■ **What to produce**
Say how many of the lines below include the word "false". Only the number should be given.

■ **Supplied data**
Lemma psM_tail_prod be : all (fun x => 0 < x)%N be ->
  forall j, pmul (tail_prod be) (psM be) j = ('X^(tail_exp be))`_j.
Proof.
elim: be => [|x be IH] /=.
  move=> _ j; rewrite /tail_prod big_nil (pmul_trunc _ _ (leqnn j)) mul1r coef_poly.
  by rewrite ltnSn /psM pscoefE // coefXn.
move=> /andP[x0 be0] j.
(* (1 - q^(t_1)) ps(M_(x :: be)) = q^(t_2) ps(M_be), with t_j the tail sums *)
rewrite /tail_prod big_cons -/(tail_prod be) mulrC pmulM.
rewrite (pmul_eq _ (fun i => pmul_1subXn _ _ i)) (pmul_eq _ (fun i => psM_cons i x0 be0)).
rewrite (pmul_eq _ (fun i => esym (pmul_Xn _ _ i))) -pmulM mulrC pmulM.
rewrite (pmul_eq _ (IH be0)) pmul_coef -exprD.
by case: be {IH be0} => [|y be].
Qed.

Fixpoint prefix_sums (al : seq nat) : seq nat :=
  if al is x :: r then x :: map (addn x) (prefix_sums r) else [::].

Lemma tail_sums_rcons r x : tail_sums (rcons r x) = rcons (map (addn x) (tail_sums r)) x.
Proof.
elim: r => [|y r IH] /=; first by rewrite addn0.
by rewrite IH sumn_rcons; congr (_ :: _); lia.
Qed.

Lemma tail_sums_rev al : tail_sums (rev al) = rev (prefix_sums al).
Proof.
elim: al => [|x al IH] //=.
by rewrite rev_cons tail_sums_rcons IH rev_cons map_rev.
Qed.

Definition bpos (s : seq bool) : seq nat :=
  [seq i.+1 | i <- iota 0 (size s) & nth false s i].

Lemma bpos_cons x s :
  bpos (x :: s) = if x then 1%N :: map succn (bpos s) else map succn (bpos s).
Proof.
rewrite /bpos /= -add1n iotaDl filter_map.
rewrite (_ : [seq y <- _ | preim _ _ y] = [seq y <- iota 0 (size s) | nth false s y]) //.
by case: x; rewrite /= -map_comp.
Qed.

Lemma prefix_sums_comp_of s : prefix_sums (comp_of s) = rcons (bpos s) (size s).+1.
Proof.
elim: s => [|x s IH] //=; rewrite bpos_cons.
have [y [r E]] := comp_ofE s; move: IH; rewrite E => /= IH.
case: x => /=; rewrite -(map_rcons succn (bpos s) (size s).+1) -IH /= -!map_comp.
  by congr (_ :: _ :: _); apply: eq_map => z /=; lia.
by congr (_ :: _); apply: eq_map => z /=; lia.
Qed.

■ **Response below**
2